How to complete this task
Those lines of the following listing which contain the string "first" should be returned.

Data for analysis
-------

Theorem theorem5 (R : realType) (n : nat) (e : rel 'I_n) (mu : R) :
  simple_graph e -> connected_graph e -> algebraic_connectivity e mu ->
  [/\ regular e 3 -> Num.ceil (n%:R * (mu - 1) / mu) <= (girth e)%:Z,
      regular e 4 -> Num.ceil (n%:R * (mu - 2) / mu) <= (girth e)%:Z
    & regular e 5 -> Num.ceil (n%:R * mu / (n%:R + mu)) <= (girth e)%:Z].
Proof.
move=> [e_sym e_irr] _ e_mu; have mu_ge0 := algebraic_connectivity_ge0 e_sym e_irr e_mu.
have ceil_le_girth (x : R) : x <= (girth e)%:R -> Num.ceil x <= (girth e)%:Z.
  by rewrite ceil_le_int.
have [n0 | n_gt0] := posnP n.
  have -> : (n%:R : R) = 0 by rewrite n0.
  by split=> _; apply: ceil_le_girth; rewrite !mul0r ler0n.
split=> /(algebraic_connectivity_girth_le e_sym e_irr n_gt0 e_mu)/(_ isT).
all: rewrite -(ler_nat R 3) -(ler_nat R) => -[g_ge3 g_le_n mu_le]; apply: ceil_le_girth.
- (* For mu = 0 the left-hand side is 0 since x / 0 = 0. *)
  have [-> | mu_neq0] := eqVneq mu 0; first by rewrite invr0 mulr0; lra.
  by rewrite ler_pdivrMr ?lt_def ?mu_neq0 //; lra.
- have [-> | mu_neq0] := eqVneq mu 0; first by rewrite invr0 mulr0; lra.
  by rewrite ler_pdivrMr ?lt_def ?mu_neq0 //; lra.
- by rewrite ler_pdivrMr; nra.
Qed.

-------

Your solution
  have [-> | mu_neq0] := eqVneq mu 0; first by rewrite invr0 mulr0; lra.
- have [-> | mu_neq0] := eqVneq mu 0; first by rewrite invr0 mulr0; lra.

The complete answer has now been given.